[Records from a data source]
- - - - -

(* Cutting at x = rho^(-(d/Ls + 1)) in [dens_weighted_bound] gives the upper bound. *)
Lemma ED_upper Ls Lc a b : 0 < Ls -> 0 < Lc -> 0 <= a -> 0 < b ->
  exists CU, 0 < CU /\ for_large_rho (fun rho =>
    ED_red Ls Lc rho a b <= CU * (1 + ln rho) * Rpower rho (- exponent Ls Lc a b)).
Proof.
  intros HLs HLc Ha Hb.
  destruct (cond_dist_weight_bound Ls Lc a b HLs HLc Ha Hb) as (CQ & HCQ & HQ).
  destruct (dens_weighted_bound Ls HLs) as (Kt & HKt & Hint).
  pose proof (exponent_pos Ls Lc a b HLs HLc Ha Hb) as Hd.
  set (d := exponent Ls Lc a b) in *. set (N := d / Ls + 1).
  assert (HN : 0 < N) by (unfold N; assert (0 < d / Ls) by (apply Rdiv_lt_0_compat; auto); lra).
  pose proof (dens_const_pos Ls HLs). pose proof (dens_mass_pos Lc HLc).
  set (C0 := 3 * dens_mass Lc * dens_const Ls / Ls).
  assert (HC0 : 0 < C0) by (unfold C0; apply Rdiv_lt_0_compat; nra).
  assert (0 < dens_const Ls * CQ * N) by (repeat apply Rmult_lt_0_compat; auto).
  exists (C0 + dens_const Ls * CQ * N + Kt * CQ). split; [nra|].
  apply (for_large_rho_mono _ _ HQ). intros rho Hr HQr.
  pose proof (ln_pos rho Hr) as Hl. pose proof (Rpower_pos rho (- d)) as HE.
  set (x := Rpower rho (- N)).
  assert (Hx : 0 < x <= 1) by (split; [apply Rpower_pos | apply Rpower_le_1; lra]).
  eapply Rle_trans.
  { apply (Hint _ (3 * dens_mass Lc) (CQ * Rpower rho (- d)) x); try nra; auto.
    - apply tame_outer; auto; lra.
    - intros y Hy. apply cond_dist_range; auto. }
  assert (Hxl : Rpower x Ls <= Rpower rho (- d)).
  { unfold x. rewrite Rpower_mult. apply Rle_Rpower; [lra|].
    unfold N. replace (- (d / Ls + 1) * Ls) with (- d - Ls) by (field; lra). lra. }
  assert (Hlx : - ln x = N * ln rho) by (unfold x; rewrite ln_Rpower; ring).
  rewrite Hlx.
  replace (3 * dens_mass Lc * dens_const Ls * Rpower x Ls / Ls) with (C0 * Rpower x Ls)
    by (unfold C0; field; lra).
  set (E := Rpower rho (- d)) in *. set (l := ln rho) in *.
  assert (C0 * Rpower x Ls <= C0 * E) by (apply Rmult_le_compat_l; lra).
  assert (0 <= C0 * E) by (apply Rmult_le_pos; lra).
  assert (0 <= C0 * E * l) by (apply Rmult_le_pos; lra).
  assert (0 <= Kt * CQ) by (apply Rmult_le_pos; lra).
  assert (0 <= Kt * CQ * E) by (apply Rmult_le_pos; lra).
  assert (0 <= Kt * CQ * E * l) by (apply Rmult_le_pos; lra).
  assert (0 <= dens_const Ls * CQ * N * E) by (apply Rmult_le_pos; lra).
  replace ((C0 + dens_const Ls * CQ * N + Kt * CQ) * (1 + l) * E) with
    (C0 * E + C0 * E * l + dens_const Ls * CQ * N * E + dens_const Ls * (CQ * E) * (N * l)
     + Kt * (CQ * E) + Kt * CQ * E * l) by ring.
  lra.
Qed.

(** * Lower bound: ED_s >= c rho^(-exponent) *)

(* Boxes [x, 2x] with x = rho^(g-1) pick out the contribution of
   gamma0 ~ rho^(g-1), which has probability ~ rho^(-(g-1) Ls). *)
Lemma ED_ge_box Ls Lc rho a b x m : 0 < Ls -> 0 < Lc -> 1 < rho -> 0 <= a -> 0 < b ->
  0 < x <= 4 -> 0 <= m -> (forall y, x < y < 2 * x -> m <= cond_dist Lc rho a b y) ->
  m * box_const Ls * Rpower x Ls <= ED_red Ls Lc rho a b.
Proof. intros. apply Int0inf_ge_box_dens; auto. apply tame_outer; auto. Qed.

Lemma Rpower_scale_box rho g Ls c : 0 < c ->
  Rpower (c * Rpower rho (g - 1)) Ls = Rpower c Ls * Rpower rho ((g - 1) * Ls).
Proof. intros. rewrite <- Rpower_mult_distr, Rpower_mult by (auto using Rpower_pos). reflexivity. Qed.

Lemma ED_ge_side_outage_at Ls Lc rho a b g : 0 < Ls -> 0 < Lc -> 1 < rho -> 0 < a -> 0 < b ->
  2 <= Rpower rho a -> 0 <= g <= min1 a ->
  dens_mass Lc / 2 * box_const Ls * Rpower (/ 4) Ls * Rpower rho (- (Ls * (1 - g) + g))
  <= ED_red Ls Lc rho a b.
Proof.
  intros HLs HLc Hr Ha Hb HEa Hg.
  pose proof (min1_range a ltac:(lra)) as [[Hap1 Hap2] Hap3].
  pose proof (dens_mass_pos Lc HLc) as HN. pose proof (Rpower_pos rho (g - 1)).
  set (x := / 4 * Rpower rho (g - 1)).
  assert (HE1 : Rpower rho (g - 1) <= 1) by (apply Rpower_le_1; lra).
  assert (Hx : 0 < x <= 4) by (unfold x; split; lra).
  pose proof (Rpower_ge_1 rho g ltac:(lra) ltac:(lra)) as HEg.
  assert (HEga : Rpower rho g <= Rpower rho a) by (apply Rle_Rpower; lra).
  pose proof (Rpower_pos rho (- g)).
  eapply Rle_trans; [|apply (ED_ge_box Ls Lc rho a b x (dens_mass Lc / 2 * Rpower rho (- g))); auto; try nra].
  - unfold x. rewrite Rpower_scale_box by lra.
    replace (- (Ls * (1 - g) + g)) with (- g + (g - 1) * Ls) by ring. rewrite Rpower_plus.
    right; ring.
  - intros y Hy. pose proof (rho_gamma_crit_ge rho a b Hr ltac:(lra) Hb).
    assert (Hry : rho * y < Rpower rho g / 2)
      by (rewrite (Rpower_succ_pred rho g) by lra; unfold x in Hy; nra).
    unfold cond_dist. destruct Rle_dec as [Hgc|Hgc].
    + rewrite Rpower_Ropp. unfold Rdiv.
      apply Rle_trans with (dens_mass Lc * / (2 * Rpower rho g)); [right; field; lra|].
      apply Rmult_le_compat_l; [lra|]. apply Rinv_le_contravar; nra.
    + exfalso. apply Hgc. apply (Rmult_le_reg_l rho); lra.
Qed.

- - - - -

Repeat exactly the lines above from the one with "set (E := Rpower" up to and including the one with "assert (0 <= Kt * CQ * E *". No other line belongs in the reply.

  set (E := Rpower rho (- d)) in *. set (l := ln rho) in *.
  assert (C0 * Rpower x Ls <= C0 * E) by (apply Rmult_le_compat_l; lra).
  assert (0 <= C0 * E) by (apply Rmult_le_pos; lra).
  assert (0 <= C0 * E * l) by (apply Rmult_le_pos; lra).
  assert (0 <= Kt * CQ) by (apply Rmult_le_pos; lra).
  assert (0 <= Kt * CQ * E) by (apply Rmult_le_pos; lra).
  assert (0 <= Kt * CQ * E * l) by (apply Rmult_le_pos; lra).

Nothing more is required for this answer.